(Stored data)
(* Let $\mathcal{H}$ be an $n$-dimensional (real or complex) Hilbert space, let $(F,G)$ be an $(N,n)$ dual pair in $\mathcal{H}$, let $U$ be a unitary operator on $\mathcal{H}$, and let $\{q_i\}_{i=1}^N$ be the weight number sequence associated with a probability sequence $\{p_i\}_{i=1}^N$. Then $(F,G)\in\zeta_P^{(1)}$ if and only if $(UF,UG)\in\zeta_P^{(1)}$, where $UF=\{Uf_i\}_{i=1}^N$, $UG=\{Ug_i\}_{i=1}^N$.
   Context: A finite sequence $F=\{f_i\}_{i=1}^N$ in $\mathcal{H}$ is a frame if there are $A,B>0$ with $A\|f\|^2\le\sum_{i=1}^N|\langle f,f_i\rangle|^2\le B\|f\|^2$ for all $f$. A frame $G=\{g_i\}_{i=1}^N$ is a dual of $F$ if $f=\sum_i\langle f,f_i\rangle g_i=\sum_i\langle f,g_i\rangle f_i$ for all $f$; then $(F,G)$ is an $(N,n)$ dual pair. A probability sequence is $\{p_i\}_{i=1}^N$ with $0\le p_i\le1$, $\sum p_i=1$; weight numbers $q_i=\frac{\sum_{j} p_j}{\sum_{j} p_j-p_i}\cdot\frac{N-1}{n}$. For $\Lambda\subseteq\{1,\dots,N\}$ the error operator is $E_{\Lambda,(F,G)}f=\sum_{i\in\Lambda}q_i\langle f,f_i\rangle g_i$, and $\mathcal{A}_P^{(1)}(F,G)=\max_{|\Lambda|=1}\frac{\|E_{\Lambda,(F,G)}\|+\rho(E_{\Lambda,(F,G)})}{2}$ (operator norm and spectral radius). Let $\mathcal{A}_P^{(1)}=\inf\{\mathcal{A}_P^{(1)}(F,G):(F,G)\text{ an }(N,n)\text{ dual pair in }\mathcal{H}\}$. A dual pair is a 1-erasure PASOD-pair if $\mathcal{A}_P^{(1)}(F,G)=\mathcal{A}_P^{(1)}$; $\zeta_P^{(1)}$ is the set of such pairs. *)

From HB Require Import structures.
From mathcomp Require Import all_boot all_order all_algebra.
From mathcomp Require Import classical_sets boolp reals.
From mathcomp Require Import complex.
Set Implicit Arguments. Unset Strict Implicit. Unset Printing Implicit Defensive.
Import Order.TTheory GRing.Theory Num.Theory.
Local Open Scope ring_scope.
Local Open Scope classical_set_scope.

Section FrameDefs.
Variables (R : realType) (n N : nat).
(* [isreal = true]  : H is the real Hilbert space R^n, realised inside C^n as
                      the vectors with real coordinates;
   [isreal = false] : H is the complex Hilbert space C^n. *)
Variable isreal : bool.

Definition vec := 'cV[R[i]]_n.

Definition inH (v : vec) : Prop := isreal -> forall j, complex.Im (v j 0) = 0.

Definition dotp (u v : vec) : R[i] := \sum_(j < n) u j 0 * conjc (v j 0).

Definition vnorm (v : vec) : R := Num.sqrt (\sum_(j < n) ComplexField.Normc.normc (v j 0) ^+ 2).

Definition adj {m k} (A : 'M[R[i]]_(m, k)) : 'M[R[i]]_(k, m) := map_mx conjc A^T.

Definition opnorm (A : 'M[R[i]]_n) : R :=
  sup [set vnorm (A *m x) | x in [set x : vec | inH x /\ vnorm x = 1]].

Definition specrad (A : 'M[R[i]]_n) : R :=
  sup [set ComplexField.Normc.normc l | l in [set l : R[i] | eigenvalue A l]].

Definition is_frame (F : 'I_N -> vec) : Prop :=
  (forall i, inH (F i)) /\
  exists A B : R, 0 < A /\ 0 < B /\
    forall f : vec, inH f ->
      A * vnorm f ^+ 2 <= \sum_(i < N) ComplexField.Normc.normc (dotp f (F i)) ^+ 2 /\
      \sum_(i < N) ComplexField.Normc.normc (dotp f (F i)) ^+ 2 <= B * vnorm f ^+ 2.

Definition is_dual (F G : 'I_N -> vec) : Prop :=
  is_frame G /\
  forall f : vec, inH f ->
    f = \sum_(i < N) dotp f (F i) *: G i /\ f = \sum_(i < N) dotp f (G i) *: F i.

Definition dual_pair (F G : 'I_N -> vec) : Prop := is_frame F /\ is_dual F G.

Definition probability_seq (p : 'I_N -> R) : Prop :=
  (forall i, 0 <= p i <= 1) /\ \sum_(i < N) p i = 1.

Definition weight (p : 'I_N -> R) (i : 'I_N) : R :=
  (\sum_(j < N) p j) / (\sum_(j < N) p j - p i) * ((N%:R - 1) / n%:R).

(* error operator E_{Lambda,(F,G)} f = sum_{i in Lambda} q_i <f,f_i> g_i *)
Definition err_op (p : 'I_N -> R) (L : {set 'I_N}) (F G : 'I_N -> vec)
  : 'M[R[i]]_n :=
  \sum_(i in L) (real_complex _ (weight p i)) *: (G i *m adj (F i)).

Definition AP1 (p : 'I_N -> R) (F G : 'I_N -> vec) : R :=
  sup [set (opnorm (err_op p L F G) + specrad (err_op p L F G)) / 2
      | L in [set L : {set 'I_N} | #|L| = 1%N]].

Definition AP1_opt (p : 'I_N -> R) : R :=
  inf [set AP1 p FG.1 FG.2 | FG in [set FG : ('I_N -> vec) * ('I_N -> vec)
                                    | dual_pair FG.1 FG.2]].

Definition zetaP1 (p : 'I_N -> R) (F G : 'I_N -> vec) : Prop :=
  dual_pair F G /\ AP1 p F G = AP1_opt p.

Definition unitary_on (U : 'M[R[i]]_n) : Prop :=
  (isreal -> forall j k, complex.Im (U j k) = 0) /\
  adj U *m U = 1%:M /\ U *m adj U = 1%:M.

End FrameDefs.

From HB Require Import structures.
From mathcomp Require Import all_boot all_order all_algebra.
From mathcomp Require Import classical_sets boolp reals.
From mathcomp Require Import complex.
Set Implicit Arguments. Unset Strict Implicit. Unset Printing Implicit Defensive.
Import Order.TTheory GRing.Theory Num.Theory.
Local Open Scope ring_scope.
Local Open Scope classical_set_scope.

(* A unitary U maps the unit sphere of H onto itself and satisfies
   <U x, U y> = <x, y>, so conjugation A |-> U A U^* preserves both the operator
   norm and the spectrum.  The error operators of (UF, UG) are the U-conjugates of
   those of (F, G), hence A_P^(1)(UF, UG) = A_P^(1)(F, G); and U transports the
   frame and duality identities, so (UF, UG) is again a dual pair.  Since the
   optimal value A_P^(1) does not depend on the pair, PASOD-ness is preserved. *)

Local Notation normc := ComplexField.Normc.normc.

Section Adjoint.
Variable R : realType.

Lemma adjK m k (A : 'M[R[i]]_(m, k)) : adj (adj A) = A.
Proof. by apply/matrixP => a b; rewrite !mxE conjcK. Qed.

Lemma adjM m k l (A : 'M[R[i]]_(m, k)) (B : 'M[R[i]]_(k, l)) :
  adj (A *m B) = adj B *m adj A.
Proof.
apply/matrixP => a b; rewrite !mxE rmorph_sum; apply: eq_bigr => j _.
by rewrite !mxE rmorphM mulrC.
Qed.

Lemma dotp_adj n (u v : vec R n) : dotp u v = (adj v *m u) 0 0.
Proof. by rewrite /dotp !mxE; apply: eq_bigr => j _; rewrite !mxE mulrC. Qed.

Lemma dotp_mulmxl n (A : 'M[R[i]]_n) (u v : vec R n) :
  dotp (A *m u) v = dotp u (adj A *m v).
Proof. by rewrite !dotp_adj adjM adjK mulmxA. Qed.

Lemma dotp_mulmxr n (A : 'M[R[i]]_n) (u v : vec R n) :
  dotp u (A *m v) = dotp (adj A *m u) v.
Proof. by rewrite dotp_mulmxl adjK. Qed.

Lemma normc_sqr (z : R[i]) : ((normc z ^+ 2)%:C = z * z^*)%C.
Proof.
case: z => a b /=; rewrite sqr_sqrtr ?addr_ge0 ?sqr_ge0 //.
apply/eqP; rewrite eq_complex /=; apply/andP; split; apply/eqP.
  by rewrite !expr2 mulrN opprK.
by rewrite mulrN mulrC addNr.
Qed.

Lemma vnorm_isometry n (A : 'M[R[i]]_n) (v : vec R n) :
  adj A *m A = 1%:M -> vnorm (A *m v) = vnorm v.
Proof.
have sqr_dotp (w : vec R n) :
    ((\sum_(j < n) normc (w j 0) ^+ 2)%:C = dotp w w)%C.
  by rewrite rmorph_sum; apply: eq_bigr => j _; exact: normc_sqr.
move=> AA; rewrite /vnorm; congr (Num.sqrt _); apply: complexI.
by rewrite !sqr_dotp dotp_mulmxl mulmxA AA mul1mx.
Qed.

Lemma complex_realE (x : R[i]) : (x \is Num.real) = (complex.Im x == 0).
Proof. by case: x; exact: complex_real. Qed.

Lemma mxOver_realE m k (A : 'M[R[i]]_(m, k)) :
  A \is a mxOver Num.real <-> forall i j, complex.Im (A i j) = 0.
Proof.
by split => [/mxOverP AR i j|AR]; [apply/eqP; rewrite -complex_realE|
  apply/mxOverP => i j; rewrite complex_realE AR].
Qed.

Lemma adj_mxOver_real m k (A : 'M[R[i]]_(m, k)) :
  A \is a mxOver Num.real -> adj A \is a mxOver Num.real.
Proof.
move=> /mxOverP AR; apply/mxOverP => i j; rewrite !mxE.
by have /complex_realP[a ->] := AR j i; rewrite conjc_real complex_realE.
Qed.

End Adjoint.

Lemma eigenvalue_similar (F : fieldType) n (V A : 'M[F]_n) :
  V \in unitmx -> eigenvalue (V *m A *m invmx V) =1 eigenvalue A.
Proof.
have conj_sub (W B : 'M[F]_n) :
    W \in unitmx -> {subset eigenvalue (W *m B *m invmx W) <= eigenvalue B}.
  move=> Wu; rewrite -(pinvmxE Wu); apply: eigenvalue_conjmx.
    by rewrite submx_full // row_full_unit.
  by rewrite row_free_unit.
move=> Vu a; apply/idP/idP; first exact: conj_sub.
have AE : invmx V *m (V *m A *m invmx V) *m invmx (invmx V) = A.
  by rewrite invmxK !mulmxA mulVmx // mul1mx -mulmxA mulVmx // mulmx1.
by rewrite -{1}AE; apply: conj_sub; rewrite unitmx_inv.
Qed.

Lemma specrad_similar (R : realType) n (V A : 'M[R[i]]_n) :
  V \in unitmx -> specrad (V *m A *m invmx V) = specrad A.
Proof.
move=> Vu; apply: (congr1 (fun S => sup [set normc l | l in S])).
by apply/funext => a /=; rewrite eigenvalue_similar.
Qed.

Lemma err_op_mulmx (R : realType) n N (p : 'I_N -> R) (L : {set 'I_N})
    (F G : 'I_N -> vec R n) (U : 'M[R[i]]_n) :
  err_op p L (fun i => U *m F i) (fun i => U *m G i) = U *m err_op p L F G *m adj U.
Proof.
rewrite /err_op mulmx_sumr mulmx_suml; apply: eq_bigr => i _.
by rewrite adjM -scalemxAr -scalemxAl !mulmxA.
Qed.

Section Unitary.
Variables (R : realType) (n : nat) (isreal : bool).
Implicit Types (U A : 'M[R[i]]_n) (v : vec R n).

Lemma inHE v : inH isreal v <-> (isreal -> v \is a mxOver Num.real).
Proof.
by split=> vR /vR; rewrite mxOver_realE => vR' j *; rewrite ?ord1 vR'.
Qed.

Lemma unitary_realE U :
  unitary_on isreal U -> isreal -> U \is a mxOver Num.real.
Proof. by case=> UR _ /UR; rewrite mxOver_realE. Qed.

Lemma unitary_adj U : unitary_on isreal U -> unitary_on isreal (adj U).
Proof.
move=> Uu; have [_ [adjUU UadjU]] := Uu.
split; last by rewrite adjK; split.
by move=> /(unitary_realE Uu) /adj_mxOver_real; rewrite mxOver_realE.
Qed.

Lemma inH_unitary U v : unitary_on isreal U -> inH isreal v -> inH isreal (U *m v).
Proof.
move=> Uu /inHE vR; apply/inHE => r.
by apply: mxOverM; [exact: unitary_realE | exact: vR].
Qed.

Lemma vnorm_unitary U v : unitary_on isreal U -> vnorm (U *m v) = vnorm v.
Proof. by case=> _ [adjUU _]; exact: vnorm_isometry. Qed.

Lemma invmx_unitary U : unitary_on isreal U -> U \in unitmx /\ invmx U = adj U.
Proof.
case=> _ [adjUU UadjU]; have [Uunit _] := mulmx1_unit UadjU.
by split=> //; rewrite -[LHS]mul1mx -adjUU -mulmxA mulmxV // mulmx1.
Qed.

Let unit_sphere := [set x : vec R n | inH isreal x /\ vnorm x = 1].

Lemma unit_sphere_unitary U :
  unitary_on isreal U -> [set U *m x | x in unit_sphere] = unit_sphere.
Proof.
move=> Uu; have Uu' := unitary_adj Uu; have [_ [_ UadjU]] := Uu.
apply/seteqP; split => [_ [x [xH x1] <-]|y [yH y1]].
  by split; [exact: inH_unitary | rewrite vnorm_unitary].
exists (adj U *m y); last by rewrite mulmxA UadjU mul1mx.
by split; [exact: inH_unitary | rewrite vnorm_unitary].
Qed.

Lemma opnorm_unitary_conj U A :
  unitary_on isreal U -> opnorm isreal (U *m A *m adj U) = opnorm isreal A.
Proof.
move=> Uu; rewrite /opnorm -/unit_sphere.
rewrite -[in RHS](unit_sphere_unitary (unitary_adj Uu)) image_comp.
by apply: congr1; apply: eq_imagel => x _ /=; rewrite -!mulmxA vnorm_unitary.
Qed.

Variables (N : nat) (U : 'M[R[i]]_n).
Hypothesis Uu : unitary_on isreal U.

Lemma AP1_unitary (p : 'I_N -> R) (F G : 'I_N -> vec R n) :
  AP1 isreal p (fun i => U *m F i) (fun i => U *m G i) = AP1 isreal p F G.
Proof.
have [Uunit invU] := invmx_unitary Uu.
refine (congr1 _ (eq_imagel _)) => L _.
by rewrite err_op_mulmx (opnorm_unitary_conj _ Uu) -invU (specrad_similar _ Uunit).
Qed.

Lemma is_frame_unitary (F : 'I_N -> vec R n) :
  is_frame isreal F -> is_frame isreal (fun i => U *m F i).
Proof.
have Uu' := unitary_adj Uu; move=> [FH [A [B [A0 [B0 FAB]]]]].
split=> [i|]; first exact: inH_unitary.
exists A, B; do 2!split=> //; move=> f fH.
under eq_bigr => i _ do rewrite dotp_mulmxr.
by rewrite -(vnorm_unitary f Uu'); apply: FAB; exact: inH_unitary.
Qed.

Lemma is_dual_unitary (F G : 'I_N -> vec R n) :
  is_dual isreal F G -> is_dual isreal (fun i => U *m F i) (fun i => U *m G i).
Proof.
move=> [GF FGid]; have [_ [_ UadjU]] := Uu.
split=> [|f fH]; first exact: is_frame_unitary.
have [idFG idGF] := FGid _ (inH_unitary (unitary_adj Uu) fH).
have transport (X Y : 'I_N -> vec R n) :
    \sum_(i < N) dotp f (U *m X i) *: (U *m Y i) =
    U *m \sum_(i < N) dotp (adj U *m f) (X i) *: Y i.
  by rewrite mulmx_sumr; apply: eq_bigr => i _; rewrite dotp_mulmxr scalemxAr.
by rewrite !transport -idFG -idGF mulmxA UadjU mul1mx.
Qed.

Lemma dual_pair_unitary (F G : 'I_N -> vec R n) :
  dual_pair isreal F G -> dual_pair isreal (fun i => U *m F i) (fun i => U *m G i).
Proof. by move=> [Ff FG]; split; [exact: is_frame_unitary | exact: is_dual_unitary]. Qed.

End Unitary.

Theorem proposition4p2 (R : realType) (n N : nat) (isreal : bool)
  (p : 'I_N -> R) (F G : 'I_N -> vec R n) (U : 'M[R[i]]_n) :
  probability_seq p ->
  dual_pair isreal F G ->
  unitary_on isreal U ->
  (zetaP1 isreal p F G <->
   zetaP1 isreal p (fun i => U *m F i) (fun i => U *m G i)).
Proof.
move=> _ FG Uu; rewrite /zetaP1 AP1_unitary //.
by split=> -[_ ->]; split=> //; exact: dual_pair_unitary.
Qed.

▶ [Task instructions]: Above are the records; from them, give again exactly the lines from the one containing "rewrite -[in RHS](unit_sphere_unitary" to the one containing "Lemma AP1_unitary (p", both lines included, and nothing more.

▶ [Exercise solution]:
rewrite -[in RHS](unit_sphere_unitary (unitary_adj Uu)) image_comp.
by apply: congr1; apply: eq_imagel => x _ /=; rewrite -!mulmxA vnorm_unitary.
Qed.

Variables (N : nat) (U : 'M[R[i]]_n).
Hypothesis Uu : unitary_on isreal U.

Lemma AP1_unitary (p : 'I_N -> R) (F G : 'I_N -> vec R n) :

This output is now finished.